Cloud Security, DevSecOps

Snow Software enhances platform for greater visibility into containers, cloud services

AWS
Enhancements to Snow Software's Snow Atlas platform are meant to provide greater visibility into Kubernetes environments and run on cloud services such as Amazon Web Services. (Photo by Noah Berger/Getty Images for Amazon Web Services)

Snow Software on Thursday announced enhancements to its Snow Atlas platform that promise greater visibility into how IT investments impact the business, offer insights on how to optimize costs, and ultimately ensure the value of cloud-based services and containers.

The new container visibility feature was designed to offer IT teams and IT asset managers (ITAMs) details on which applications are running, how many containers are used in an environment, and how long containers have been running.

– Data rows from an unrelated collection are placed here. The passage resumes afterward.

(* Define, for integers $n,m,p\ge0$, $\mathcal{Z}_{n,m}(p)=\binom{m+p}{p}\sum_{k=0}^{m}s(m,k)\mathcal{B}_{n+k,p}$ and the polynomials $$\mathcal{Z}_{n,m}(x;p)=\sum_{k=0}^{n}\binom{n}{k}\mathcal{Z}_{k,m}(p)\,x^{n-k}.$$ Then for all integers $n,m,p\ge0$, $$\mathcal{Z}_{n+1,m}(x;p)=\frac{m+1}{m+p+1}\,\mathcal{Z}_{n,m+1}(x;p)+(m+x)\,\mathcal{Z}_{n,m}(x;p),$$ with $\mathcal{Z}_{0,m}(x;p)=1$.
   Context: $s(m,k)$ are the signed Stirling numbers of the first kind, defined by $x(x-1)\cdots(x-m+1)=\sum_{k=0}^m s(m,k)x^k$. For an integer $p\ge0$, the $p$-Bell numbers $\mathcal{B}_{n,p}$ are defined by $\sum_{n\ge0}\mathcal{B}_{n,p}\frac{z^n}{n!}=\sum_{n\ge0}\binom{n+p}{p}^{-1}\frac{(e^z-1)^n}{n!}$. *)

From HB Require Import structures.
From mathcomp Require Import all_boot all_order all_algebra.
Set Implicit Arguments. Unset Strict Implicit. Unset Printing Implicit Defensive.
Import Order.TTheory GRing.Theory Num.Theory.
Local Open Scope ring_scope.

Definition stirling1 (m k : nat) : rat :=
  (\prod_(i < m) ('X - (i%:R)%:P) : {poly rat})`_k.

Definition expTrunc (N : nat) : {poly rat} :=
  \poly_(j < N.+1) (j`!%:R)^-1.

(* p-Bell numbers: B_{N,p} = N! [z^N] sum_{n>=0} C(n+p,p)^{-1} (e^z-1)^n / n!.
   Since e^z - 1 has zero constant term, only n <= N contribute to [z^N],
   and only the terms of e^z of degree <= N matter, so the coefficient
   extraction is done exactly on the truncated polynomial. *)
Definition pBell (N p : nat) : rat :=
  N`!%:R *
  (\sum_(n < N.+1)
     ((('C(n + p, p))%:R)^-1 * (n`!%:R)^-1) *: (expTrunc N - 1) ^+ n)`_N.

Definition Zp (n m p : nat) : rat :=
  ('C(m + p, p))%:R * \sum_(k < m.+1) stirling1 m k * pBell (n + k) p.

Definition Zpoly (n m p : nat) : {poly rat} :=
  \sum_(k < n.+1) ((('C(n, k))%:R * Zp k m p) *: 'X^(n - k)).

(* Put Z_{n,m}(p) = C(m+p,p) T_n(m) with T_n(m) = sum_k s(m,k) B_{n+k,p}.  The
   recurrence s(m+1,k) = s(m,k-1) - m s(m,k) gives T_n(m+1) = T_{n+1}(m) - m T_n(m),
   i.e. Z_{n+1,m} = (m+1)/(m+p+1) Z_{n,m+1} + m Z_{n,m}, and Pascal's rule carries
   this over to the binomial polynomials Z_{n,m}(x;p).  For the initial value,
   (e^z-1)^j/j! is the generating function of the Stirling numbers S(k,j) of the
   second kind, so B_{k,p} = sum_j S(k,j)/C(j+p,p), and the orthogonality
   sum_k s(m,k) S(k,j) = [m = j] gives T_0(m) = 1/C(m+p,p), i.e. Z_{0,m}(p) = 1. *)

From Pilot Require Import Defs.
From HB Require Import structures.
From mathcomp Require Import all_boot all_order all_algebra.
From mathcomp Require Import ring.
Import Order.TTheory GRing.Theory Num.Theory.
Local Open Scope ring_scope.

Section BinomialPoly.
Variable R : comNzRingType.

Definition binomial_poly (a : nat -> R) (n : nat) : {poly R} :=
  \sum_(k < n.+1) ('C(n, k)%:R * a k) *: 'X^(n - k).

Lemma eq_binomial_poly (a b : nat -> R) n :
  (forall k, a k = b k) -> binomial_poly a n = binomial_poly b n.
Proof. by move=> eq_ab; apply: eq_bigr => k _; rewrite eq_ab. Qed.

Lemma binomial_polyS (a : nat -> R) n :
  binomial_poly a n.+1 = 'X * binomial_poly a n + binomial_poly (fun k => a k.+1) n.
Proof.
rewrite {1}/binomial_poly big_ord_recl bin0 subn0.
under eq_bigr do rewrite /bump /= binS natrD mulrDl scalerDl subSS.
rewrite big_split /= addrA; congr (_ + _).
rewrite /binomial_poly mulr_sumr [in LHS]big_ord_recr [in RHS]big_ord_recl /=.
rewrite bin_small // mul0r scale0r addr0 bin0 subn0 -scalerAr -exprS.
congr (_ + _).
by apply: eq_bigr => k _; rewrite -scalerAr -exprS /bump /= add1n subnSK.
Qed.

Lemma binomial_poly_rec (a b : nat -> R) (c d : R) n :
  (forall k, a k.+1 = c * b k + d * a k) ->
  binomial_poly a n.+1 = c *: binomial_poly b n + ('X + d%:P) * binomial_poly a n.
Proof.
move=> a_rec; rewrite binomial_polyS (eq_binomial_poly _ _ _ a_rec).
have -> : binomial_poly (fun k => c * b k + d * a k) n =
    c *: binomial_poly b n + d%:P * binomial_poly a n.
  rewrite /binomial_poly mul_polyC !scaler_sumr -big_split /=.
  by apply: eq_bigr => k _; rewrite !scalerA -scalerDl; congr (_ *: _); ring.
by rewrite mulrDl addrCA addrA.
Qed.

End BinomialPoly.

Lemma stirling1_small m k : (m < k)%N -> stirling1 m k = 0.
Proof.
move=> lt_mk; rewrite /stirling1 nth_default // size_prod_XsubC.
by rewrite [index_enum _]unlock -enumT -cardT card_ord.
Qed.

Lemma stirling1S m k :
  stirling1 m.+1 k = (if k is k'.+1 then stirling1 m k' else 0) - m%:R * stirling1 m k.
Proof.
rewrite /stirling1 big_ord_recr /= mulrBr coefB coefMX coefMC.
by case: k => [|k] /=; rewrite mulrC.
Qed.

Definition stirling1_transform (a : nat -> rat) (m : nat) : rat :=
  \sum_(k < m.+1) stirling1 m k * a k.

Lemma stirling1_transformS a m :
  stirling1_transform a m.+1 =
    stirling1_transform (fun k => a k.+1) m - m%:R * stirling1_transform a m.
Proof.
rewrite /stirling1_transform.
under eq_bigr do rewrite stirling1S mulrBl.
rewrite sumrB big_ord_recl mul0r add0r [X in _ - X]big_ord_recr /=.
rewrite stirling1_small // mulr0 mul0r addr0 mulr_sumr; congr (_ - _).
by apply: eq_bigr => k _; rewrite mulrA.
Qed.

Fixpoint stirling2 (j n : nat) : nat :=
  match j, n with
  | 0, _ => n == 0%N
  | j'.+1, 0 => 0
  | j'.+1, n'.+1 => stirling2 j' n' + n'.+1 * stirling2 j' n'.+1
  end.

Lemma stirling2_small j n : (j < n)%N -> stirling2 j n = 0%N.
Proof.
elim: j n => [|j IHj] [|n] //= lt_jn.
by rewrite !IHj ?muln0 // ltnW.
Qed.

Lemma stirling1_transform_stirling2 m n :
  stirling1_transform (fun k => (stirling2 k n)%:R) m = (m == n)%:R.
Proof.
elim: m n => [|m IHm] n.
  by rewrite /stirling1_transform big_ord1 /stirling1 big_ord0 coefC mul1r; case: n.
rewrite stirling1_transformS IHm; case: n => [|n].
  rewrite /stirling1_transform big1 ?sub0r => [|k _]; last by rewrite mulr0.
  by case: m {IHm} => [|m]; rewrite ?mul0r ?mulr0 ?oppr0.
have -> : stirling1_transform (fun k => (stirling2 k.+1 n.+1)%:R) m =
    (m == n)%:R + n.+1%:R * (m == n.+1)%:R.
  rewrite -!IHm /stirling1_transform mulr_sumr -big_split /=.
  by apply: eq_bigr => k _; rewrite natrD natrM; ring.
rewrite eqSS; have [->|_] := eqVneq m n.+1; first by rewrite addrK.
by rewrite !mulr0 subr0 addr0.
Qed.

Lemma fact_natr_neq0 n : (n`!%:R : rat) != 0.
Proof. by rewrite pnatr_eq0 -lt0n fact_gt0. Qed.

Lemma deriv_expTrunc N : (expTrunc N)^`() = expTrunc N - (N`!%:R)^-1 *: 'X^N.
Proof.
apply/polyP => i; rewrite coef_deriv coefB coefZ coefXn !coef_poly !ltnS.
have [_|_|->] := ltngtP i N; rewrite ?mul0rn ?mulr0 ?subr0 ?mulr1 ?subrr //.
by rewrite factS natrM; field; rewrite fact_natr_neq0 nat1r pnatr_eq0.
Qed.

Lemma coef_expTrunc_subr1X N n j : (j <= N)%N ->
  j`!%:R * ((expTrunc N - 1) ^+ n)`_j = n`!%:R * (stirling2 j n)%:R.
Proof.
set f := expTrunc N - 1.
have f0 : f`_0 = 0 by rewrite coefB coef_poly coefC subrr.
(* The truncation only perturbs f' in degree N, beyond the coefficients used. *)
have df : f^`() = f + 1 - (N`!%:R)^-1 *: 'X^N.
  by rewrite derivB derivC subr0 deriv_expTrunc subrK.
elim: j n => [|j IHj] n le_jN.
  rewrite -horner_coef0 horner_exp horner_coef0 f0 mul1r.
  by case: n => [|n]; rewrite ?expr0 ?mul1r // expr0n mulr0.
case: n => [|n]; first by rewrite expr0 coefC mulr0.
have le_jN' : (j <= N)%N by rewrite ltnW.
have coef_j : ((f ^+ n.+1)^`())`_j = n.+1%:R * ((f ^+ n.+1)`_j + (f ^+ n)`_j).
  rewrite deriv_exp /= coefMn df mulrBl mulrDl mul1r -exprS -scalerAl.
  by rewrite coefB coefD coefZ coefXnM le_jN mulr0 subr0 mulr_natl.
rewrite coef_deriv in coef_j; rewrite /= natrD natrM !factS !natrM.
have -> : j.+1%:R * j`!%:R * (f ^+ n.+1)`_j.+1 =
    j`!%:R * ((f ^+ n.+1)`_j.+1 *+ j.+1) by rewrite mulr_natr; ring.
by rewrite coef_j mulrCA mulrDr !IHj // factS natrM; ring.
Qed.

Lemma pBell_stirling2 N p :
  pBell N p = \sum_(n < N.+1) (stirling2 N n)%:R / 'C(n + p, p)%:R.
Proof.
rewrite /pBell coef_sum mulr_sumr; apply: eq_bigr => n _.
rewrite coefZ mulrCA coef_expTrunc_subr1X // [_ / _]mulrC mulrA.
by rewrite [_ / _ * _]mulrAC mulVf ?mul1r 1?mulrC // fact_natr_neq0.
Qed.

Lemma stirling1_transform_pBell m p :
  stirling1_transform (pBell^~ p) m = ('C(m + p, p)%:R)^-1.
Proof.
set F := fun k n => (stirling2 k n)%:R / ('C(n + p, p)%:R : rat).
have widen (k : 'I_m.+1) : pBell k p = \sum_(n < m.+1) F k n.
  rewrite pBell_stirling2 (big_ord_widen _ (F k) (ltn_ord k)) big_mkcond /=.
  by apply: eq_bigr => n _; case: ltnP => // lt_kn; rewrite /F stirling2_small ?mul0r.
have column n : \sum_(k < m.+1) stirling1 m k * F k n = (m == n)%:R / 'C(n + p, p)%:R.
  rewrite -(stirling1_transform_stirling2 m n) /stirling1_transform mulr_suml.
  by apply: eq_bigr => k _; rewrite mulrA.
rewrite /stirling1_transform; under eq_bigr do rewrite widen mulr_sumr.
rewrite exchange_big /=; under eq_bigr do rewrite column.
rewrite big_ord_recr /= eqxx mul1r.
by rewrite big1 ?add0r // => n _; rewrite gtn_eqF ?mul0r.
Qed.

Lemma Zp_0m m p : Defs.Zp 0 m p = 1.
Proof.
rewrite /Defs.Zp -/(stirling1_transform (pBell^~ p) m) stirling1_transform_pBell.
by rewrite mulfV // pnatr_eq0 -lt0n bin_gt0 leq_addl.
Qed.

Lemma ZpS n m p :
  Defs.Zp n.+1 m p =
    (m.+1%:R / (m + p).+1%:R) * Defs.Zp n m.+1 p + m%:R * Defs.Zp n m p.
Proof.
have binC : m.+1%:R / (m + p).+1%:R * 'C(m.+1 + p, p)%:R = 'C(m + p, p)%:R :> rat.
  have binN : ('C(m + p, p) * (m + p).+1 = m.+1 * 'C(m.+1 + p, p))%N.
    by rewrite mulnC mul_bin_down subSn ?leq_addl // addnK addSn.
  by rewrite mulrAC -natrM -binN natrM mulfK // pnatr_eq0.
have shift : stirling1_transform (fun k => pBell (n + k) p) m.+1 =
    stirling1_transform (fun k => pBell (n.+1 + k) p) m -
    m%:R * stirling1_transform (fun k => pBell (n + k) p) m.
  by rewrite stirling1_transformS /stirling1_transform; under eq_bigr do rewrite addnS.
rewrite /stirling1_transform in shift.
by rewrite /Defs.Zp shift -binC; ring.
Qed.

Theorem mainTheorem14 (n m p : nat) :
  Zpoly n.+1 m p =
    (((m.+1)%:R / ((m + p).+1)%:R : rat) *: Zpoly n m.+1 p)
    + ('X + (m%:R)%:P) * Zpoly n m p
  /\ Zpoly 0 m p = 1.
Proof.
split; first exact: binomial_poly_rec (fun k => ZpS k m p).
by rewrite /Zpoly big_ord1 Zp_0m mul1r scale1r.
Qed.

For this release, the enhancements run over Microsoft, Oracle and Red Hat container apps running in Kubernetes environments. This container visibility is now available for Kubernetes environments and runs on major cloud services such as Amazon Web Services and Microsoft Azure.

“With large annual budgets devoted to IT spend, demonstrating return on investment for every technology purchase is vital for CIOs and IT teams,” said Sanjay Castelino, chief product and customer officer at Snow Software. “The latest release from Snow not only identifies how technology is used, but also offers use cases to support more sustainable IT practices, such as understanding the carbon footprint of devices.”

Mike Parkin, senior technical engineer at Vulcan Cyber, said that with budgets tight in IT, and visibility into container environments often being a bit hazy, these are potentially welcome tools. “As an added benefit to the IT efficiency, the improved visibility should lead to better security and a deeper understanding of the environment's risk profile,” Parkin said.

Melinda Marks, a senior analyst at the Enterprise Strategy Group, added that increased visibility and cost control are big issues right now.

“Cloud-native technologies make it easy to increase productivity and scale, but costs can get out of control if not managed properly,” Marks said. “We can expect more tools like this to help give centralized visibility and control to better support cloud-native development while controlling costs in this challenging economic climate.”